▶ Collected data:
++++++

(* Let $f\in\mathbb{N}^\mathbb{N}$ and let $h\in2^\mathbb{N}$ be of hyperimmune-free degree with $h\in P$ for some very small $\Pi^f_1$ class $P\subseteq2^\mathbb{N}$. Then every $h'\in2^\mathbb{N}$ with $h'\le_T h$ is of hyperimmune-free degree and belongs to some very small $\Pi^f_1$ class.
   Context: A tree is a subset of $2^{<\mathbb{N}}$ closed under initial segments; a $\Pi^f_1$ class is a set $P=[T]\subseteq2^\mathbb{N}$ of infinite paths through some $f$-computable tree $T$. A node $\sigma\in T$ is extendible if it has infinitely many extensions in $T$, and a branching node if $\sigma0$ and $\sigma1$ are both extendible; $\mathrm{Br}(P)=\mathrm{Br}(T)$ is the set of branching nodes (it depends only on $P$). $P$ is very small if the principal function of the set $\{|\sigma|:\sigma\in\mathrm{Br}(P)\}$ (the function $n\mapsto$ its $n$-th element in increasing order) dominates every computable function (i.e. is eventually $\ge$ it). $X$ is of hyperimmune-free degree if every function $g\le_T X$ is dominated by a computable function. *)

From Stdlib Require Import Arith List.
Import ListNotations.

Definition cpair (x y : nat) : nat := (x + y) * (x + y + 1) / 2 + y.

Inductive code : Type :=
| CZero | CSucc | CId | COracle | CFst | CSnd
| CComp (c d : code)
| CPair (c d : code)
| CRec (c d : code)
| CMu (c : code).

++++++

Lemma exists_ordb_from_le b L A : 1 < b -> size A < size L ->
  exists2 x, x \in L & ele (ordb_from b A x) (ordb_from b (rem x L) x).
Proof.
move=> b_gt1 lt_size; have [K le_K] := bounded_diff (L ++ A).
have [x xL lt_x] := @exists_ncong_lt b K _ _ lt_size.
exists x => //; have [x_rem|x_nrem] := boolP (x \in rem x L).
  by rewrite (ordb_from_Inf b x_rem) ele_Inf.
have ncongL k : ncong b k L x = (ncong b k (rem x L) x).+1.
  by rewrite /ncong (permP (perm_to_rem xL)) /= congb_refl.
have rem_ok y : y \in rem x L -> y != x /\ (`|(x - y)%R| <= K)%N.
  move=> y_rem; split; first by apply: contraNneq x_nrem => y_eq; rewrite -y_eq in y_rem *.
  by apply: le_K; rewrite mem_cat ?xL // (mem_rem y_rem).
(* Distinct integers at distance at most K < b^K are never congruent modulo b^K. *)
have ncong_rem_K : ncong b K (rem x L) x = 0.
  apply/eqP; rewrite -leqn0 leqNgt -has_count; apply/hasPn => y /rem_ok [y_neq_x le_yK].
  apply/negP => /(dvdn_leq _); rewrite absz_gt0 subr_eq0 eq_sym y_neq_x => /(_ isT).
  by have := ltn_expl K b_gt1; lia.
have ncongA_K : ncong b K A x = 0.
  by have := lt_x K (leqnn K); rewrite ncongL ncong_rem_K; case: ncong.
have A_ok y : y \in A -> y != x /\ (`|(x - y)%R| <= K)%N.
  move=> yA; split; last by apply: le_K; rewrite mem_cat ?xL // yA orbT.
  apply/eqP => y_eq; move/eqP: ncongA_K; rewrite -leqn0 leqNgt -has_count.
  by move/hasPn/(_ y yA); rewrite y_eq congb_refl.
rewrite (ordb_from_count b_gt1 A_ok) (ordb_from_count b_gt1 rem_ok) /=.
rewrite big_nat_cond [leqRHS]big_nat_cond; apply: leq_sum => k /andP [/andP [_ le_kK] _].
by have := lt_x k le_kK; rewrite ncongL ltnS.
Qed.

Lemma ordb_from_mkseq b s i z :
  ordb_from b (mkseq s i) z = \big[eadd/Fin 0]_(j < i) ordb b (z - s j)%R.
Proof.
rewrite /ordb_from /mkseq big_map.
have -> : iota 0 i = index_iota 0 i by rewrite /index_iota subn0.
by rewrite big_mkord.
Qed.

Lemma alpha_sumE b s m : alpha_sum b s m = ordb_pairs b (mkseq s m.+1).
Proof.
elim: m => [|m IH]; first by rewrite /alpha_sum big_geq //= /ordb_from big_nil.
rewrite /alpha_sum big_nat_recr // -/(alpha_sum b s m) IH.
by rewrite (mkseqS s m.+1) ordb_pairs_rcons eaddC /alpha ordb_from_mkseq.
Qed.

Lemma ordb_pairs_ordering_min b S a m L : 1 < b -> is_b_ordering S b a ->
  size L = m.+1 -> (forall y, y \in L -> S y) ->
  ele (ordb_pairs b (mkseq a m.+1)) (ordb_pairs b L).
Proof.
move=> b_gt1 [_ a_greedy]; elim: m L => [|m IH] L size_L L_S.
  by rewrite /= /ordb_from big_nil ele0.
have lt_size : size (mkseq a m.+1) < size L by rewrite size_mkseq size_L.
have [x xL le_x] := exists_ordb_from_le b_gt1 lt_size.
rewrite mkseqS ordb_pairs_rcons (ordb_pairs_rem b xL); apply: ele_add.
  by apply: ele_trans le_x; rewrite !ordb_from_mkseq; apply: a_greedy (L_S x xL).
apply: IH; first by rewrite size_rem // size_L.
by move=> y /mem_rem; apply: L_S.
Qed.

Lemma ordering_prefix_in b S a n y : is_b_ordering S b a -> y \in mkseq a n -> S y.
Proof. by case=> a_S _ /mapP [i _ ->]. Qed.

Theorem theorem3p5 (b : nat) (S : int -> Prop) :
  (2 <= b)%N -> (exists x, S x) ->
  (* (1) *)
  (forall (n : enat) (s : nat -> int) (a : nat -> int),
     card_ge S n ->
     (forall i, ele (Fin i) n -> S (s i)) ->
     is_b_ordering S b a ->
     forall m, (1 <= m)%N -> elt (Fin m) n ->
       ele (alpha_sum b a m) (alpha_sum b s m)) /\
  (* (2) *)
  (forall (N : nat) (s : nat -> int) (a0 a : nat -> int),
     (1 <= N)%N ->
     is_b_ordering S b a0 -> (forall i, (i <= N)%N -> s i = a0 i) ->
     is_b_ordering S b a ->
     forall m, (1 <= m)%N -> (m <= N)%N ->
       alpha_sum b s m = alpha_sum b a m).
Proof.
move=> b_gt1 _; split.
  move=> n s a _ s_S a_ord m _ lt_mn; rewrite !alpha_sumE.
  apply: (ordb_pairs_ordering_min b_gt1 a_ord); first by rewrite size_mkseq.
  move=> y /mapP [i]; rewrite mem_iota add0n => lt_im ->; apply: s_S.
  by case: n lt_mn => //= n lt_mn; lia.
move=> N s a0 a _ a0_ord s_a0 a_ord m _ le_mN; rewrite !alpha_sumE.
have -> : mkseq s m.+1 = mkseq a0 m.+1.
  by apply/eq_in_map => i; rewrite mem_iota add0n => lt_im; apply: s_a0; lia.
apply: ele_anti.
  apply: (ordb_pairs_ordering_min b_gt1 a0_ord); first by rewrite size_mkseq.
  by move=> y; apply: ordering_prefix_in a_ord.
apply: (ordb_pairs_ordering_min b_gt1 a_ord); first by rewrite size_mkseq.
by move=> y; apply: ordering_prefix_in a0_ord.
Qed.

++++++

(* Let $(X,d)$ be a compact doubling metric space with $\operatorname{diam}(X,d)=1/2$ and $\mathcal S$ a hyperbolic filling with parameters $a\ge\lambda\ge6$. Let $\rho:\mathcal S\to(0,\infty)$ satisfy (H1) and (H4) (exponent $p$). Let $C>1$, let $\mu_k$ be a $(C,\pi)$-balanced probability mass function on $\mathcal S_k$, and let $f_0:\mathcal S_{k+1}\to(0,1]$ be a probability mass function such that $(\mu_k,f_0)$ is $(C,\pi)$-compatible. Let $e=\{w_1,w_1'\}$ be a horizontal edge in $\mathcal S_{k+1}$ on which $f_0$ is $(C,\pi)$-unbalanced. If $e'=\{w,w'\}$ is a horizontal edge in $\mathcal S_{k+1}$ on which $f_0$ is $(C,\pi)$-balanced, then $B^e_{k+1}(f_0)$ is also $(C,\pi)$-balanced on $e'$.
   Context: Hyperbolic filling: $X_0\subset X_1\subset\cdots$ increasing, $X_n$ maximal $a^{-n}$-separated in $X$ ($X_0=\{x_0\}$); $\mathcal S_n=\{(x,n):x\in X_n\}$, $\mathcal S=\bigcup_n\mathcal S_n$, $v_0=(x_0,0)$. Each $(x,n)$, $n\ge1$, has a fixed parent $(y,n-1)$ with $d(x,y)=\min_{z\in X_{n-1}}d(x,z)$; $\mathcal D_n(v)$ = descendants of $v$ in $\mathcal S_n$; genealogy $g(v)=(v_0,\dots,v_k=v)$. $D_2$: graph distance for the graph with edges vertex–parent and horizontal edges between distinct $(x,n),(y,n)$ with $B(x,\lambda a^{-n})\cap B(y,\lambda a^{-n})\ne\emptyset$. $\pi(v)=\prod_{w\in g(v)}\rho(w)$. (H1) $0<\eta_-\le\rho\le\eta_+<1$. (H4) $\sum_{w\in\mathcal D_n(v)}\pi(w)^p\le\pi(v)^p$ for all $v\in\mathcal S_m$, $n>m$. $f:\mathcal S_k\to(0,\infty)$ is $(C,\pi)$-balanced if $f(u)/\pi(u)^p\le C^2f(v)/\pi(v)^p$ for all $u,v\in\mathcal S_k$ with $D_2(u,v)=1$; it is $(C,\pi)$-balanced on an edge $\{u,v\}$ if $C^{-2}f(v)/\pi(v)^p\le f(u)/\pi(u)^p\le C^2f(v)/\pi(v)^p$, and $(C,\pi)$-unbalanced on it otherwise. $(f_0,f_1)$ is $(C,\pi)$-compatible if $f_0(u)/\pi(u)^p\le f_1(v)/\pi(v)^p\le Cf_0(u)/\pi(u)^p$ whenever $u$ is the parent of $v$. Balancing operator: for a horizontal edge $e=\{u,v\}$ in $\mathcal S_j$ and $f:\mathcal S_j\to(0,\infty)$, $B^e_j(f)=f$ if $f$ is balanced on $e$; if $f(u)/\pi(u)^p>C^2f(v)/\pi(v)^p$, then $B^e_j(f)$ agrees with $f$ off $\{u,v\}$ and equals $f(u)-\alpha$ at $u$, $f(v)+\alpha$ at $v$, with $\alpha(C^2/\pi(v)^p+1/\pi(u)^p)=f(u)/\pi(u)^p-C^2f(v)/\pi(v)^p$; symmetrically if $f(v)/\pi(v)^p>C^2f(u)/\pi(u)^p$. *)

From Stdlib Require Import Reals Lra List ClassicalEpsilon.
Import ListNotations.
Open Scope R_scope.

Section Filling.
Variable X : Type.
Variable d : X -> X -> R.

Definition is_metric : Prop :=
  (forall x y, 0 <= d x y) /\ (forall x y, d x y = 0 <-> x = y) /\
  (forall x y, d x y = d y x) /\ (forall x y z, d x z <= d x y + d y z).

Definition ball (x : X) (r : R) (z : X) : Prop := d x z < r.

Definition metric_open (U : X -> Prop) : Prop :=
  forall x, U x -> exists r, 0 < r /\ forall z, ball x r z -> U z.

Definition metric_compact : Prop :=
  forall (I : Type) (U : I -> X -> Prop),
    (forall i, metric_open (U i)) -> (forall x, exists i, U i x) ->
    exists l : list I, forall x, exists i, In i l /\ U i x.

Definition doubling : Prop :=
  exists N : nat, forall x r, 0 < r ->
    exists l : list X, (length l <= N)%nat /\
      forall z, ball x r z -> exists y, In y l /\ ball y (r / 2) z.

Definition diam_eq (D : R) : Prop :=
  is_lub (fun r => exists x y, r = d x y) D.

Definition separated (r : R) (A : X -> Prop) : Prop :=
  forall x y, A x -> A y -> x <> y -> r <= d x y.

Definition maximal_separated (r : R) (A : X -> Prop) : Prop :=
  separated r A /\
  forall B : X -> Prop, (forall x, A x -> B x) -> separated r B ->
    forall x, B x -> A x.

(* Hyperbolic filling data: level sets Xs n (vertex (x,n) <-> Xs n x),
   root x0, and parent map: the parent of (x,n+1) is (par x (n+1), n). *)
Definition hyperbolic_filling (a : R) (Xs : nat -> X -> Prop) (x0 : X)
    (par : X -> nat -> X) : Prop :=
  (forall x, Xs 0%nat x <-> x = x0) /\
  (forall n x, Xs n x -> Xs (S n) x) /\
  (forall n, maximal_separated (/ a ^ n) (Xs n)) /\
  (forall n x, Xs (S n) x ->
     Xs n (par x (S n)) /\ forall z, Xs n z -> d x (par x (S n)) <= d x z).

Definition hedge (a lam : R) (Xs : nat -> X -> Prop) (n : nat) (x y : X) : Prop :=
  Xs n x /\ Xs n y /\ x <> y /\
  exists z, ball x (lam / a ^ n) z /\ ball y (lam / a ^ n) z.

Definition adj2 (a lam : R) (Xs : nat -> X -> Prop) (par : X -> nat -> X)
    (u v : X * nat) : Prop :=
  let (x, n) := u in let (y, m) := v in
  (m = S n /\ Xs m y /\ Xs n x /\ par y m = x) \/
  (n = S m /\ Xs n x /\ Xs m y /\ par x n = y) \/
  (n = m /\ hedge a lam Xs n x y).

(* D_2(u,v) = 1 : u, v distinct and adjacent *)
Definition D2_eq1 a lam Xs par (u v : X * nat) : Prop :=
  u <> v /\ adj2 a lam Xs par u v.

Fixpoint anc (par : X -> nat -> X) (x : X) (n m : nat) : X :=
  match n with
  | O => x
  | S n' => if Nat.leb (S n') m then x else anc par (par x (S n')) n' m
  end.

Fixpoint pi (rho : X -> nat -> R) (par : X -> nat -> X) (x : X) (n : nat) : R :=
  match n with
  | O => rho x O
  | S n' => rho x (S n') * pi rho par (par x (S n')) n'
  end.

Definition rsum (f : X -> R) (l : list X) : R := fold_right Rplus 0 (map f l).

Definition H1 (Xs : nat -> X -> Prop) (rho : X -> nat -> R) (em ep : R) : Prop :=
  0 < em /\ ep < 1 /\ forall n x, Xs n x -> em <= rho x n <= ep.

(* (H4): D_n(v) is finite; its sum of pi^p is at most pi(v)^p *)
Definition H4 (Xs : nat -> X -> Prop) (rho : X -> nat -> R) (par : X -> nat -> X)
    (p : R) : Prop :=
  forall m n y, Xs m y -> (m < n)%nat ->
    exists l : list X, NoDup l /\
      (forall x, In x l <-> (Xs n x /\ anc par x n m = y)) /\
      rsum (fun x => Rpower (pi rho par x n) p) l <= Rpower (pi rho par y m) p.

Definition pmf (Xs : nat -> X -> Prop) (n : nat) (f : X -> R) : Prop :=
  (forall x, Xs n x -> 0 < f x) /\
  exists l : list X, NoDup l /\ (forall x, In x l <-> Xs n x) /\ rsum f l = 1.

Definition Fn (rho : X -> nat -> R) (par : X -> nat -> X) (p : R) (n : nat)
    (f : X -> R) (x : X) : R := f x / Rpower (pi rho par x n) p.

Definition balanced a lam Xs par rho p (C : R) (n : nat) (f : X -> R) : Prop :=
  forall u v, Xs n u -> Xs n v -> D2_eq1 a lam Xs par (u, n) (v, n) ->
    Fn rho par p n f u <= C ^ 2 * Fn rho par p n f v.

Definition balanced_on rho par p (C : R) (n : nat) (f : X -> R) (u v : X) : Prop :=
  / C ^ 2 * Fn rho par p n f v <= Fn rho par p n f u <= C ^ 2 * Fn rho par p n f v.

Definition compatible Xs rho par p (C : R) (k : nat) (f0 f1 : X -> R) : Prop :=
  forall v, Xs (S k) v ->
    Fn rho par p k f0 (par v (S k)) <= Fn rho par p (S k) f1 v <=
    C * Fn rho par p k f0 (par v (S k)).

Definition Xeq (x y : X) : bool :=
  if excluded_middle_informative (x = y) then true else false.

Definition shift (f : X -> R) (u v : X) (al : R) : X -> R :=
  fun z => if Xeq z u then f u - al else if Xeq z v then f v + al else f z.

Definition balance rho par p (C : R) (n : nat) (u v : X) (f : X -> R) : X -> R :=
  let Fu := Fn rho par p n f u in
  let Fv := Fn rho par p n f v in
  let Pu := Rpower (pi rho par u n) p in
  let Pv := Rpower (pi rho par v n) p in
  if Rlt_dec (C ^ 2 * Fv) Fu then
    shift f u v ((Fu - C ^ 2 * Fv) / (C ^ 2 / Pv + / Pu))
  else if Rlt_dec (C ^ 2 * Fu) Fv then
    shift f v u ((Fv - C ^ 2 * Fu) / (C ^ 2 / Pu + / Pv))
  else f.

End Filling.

++++++

Only the lines above from the one with "small $\Pi^f_1$ class." up to and including the one with "CRec (c d : code)" should be repeated, exactly as written.

(* Let $f\in\mathbb{N}^\mathbb{N}$ and let $h\in2^\mathbb{N}$ be of hyperimmune-free degree with $h\in P$ for some very small $\Pi^f_1$ class $P\subseteq2^\mathbb{N}$. Then every $h'\in2^\mathbb{N}$ with $h'\le_T h$ is of hyperimmune-free degree and belongs to some very small $\Pi^f_1$ class.
   Context: A tree is a subset of $2^{<\mathbb{N}}$ closed under initial segments; a $\Pi^f_1$ class is a set $P=[T]\subseteq2^\mathbb{N}$ of infinite paths through some $f$-computable tree $T$. A node $\sigma\in T$ is extendible if it has infinitely many extensions in $T$, and a branching node if $\sigma0$ and $\sigma1$ are both extendible; $\mathrm{Br}(P)=\mathrm{Br}(T)$ is the set of branching nodes (it depends only on $P$). $P$ is very small if the principal function of the set $\{|\sigma|:\sigma\in\mathrm{Br}(P)\}$ (the function $n\mapsto$ its $n$-th element in increasing order) dominates every computable function (i.e. is eventually $\ge$ it). $X$ is of hyperimmune-free degree if every function $g\le_T X$ is dominated by a computable function. *)

From Stdlib Require Import Arith List.
Import ListNotations.

Definition cpair (x y : nat) : nat := (x + y) * (x + y + 1) / 2 + y.

Inductive code : Type :=
| CZero | CSucc | CId | COracle | CFst | CSnd
| CComp (c d : code)
| CPair (c d : code)
| CRec (c d : code)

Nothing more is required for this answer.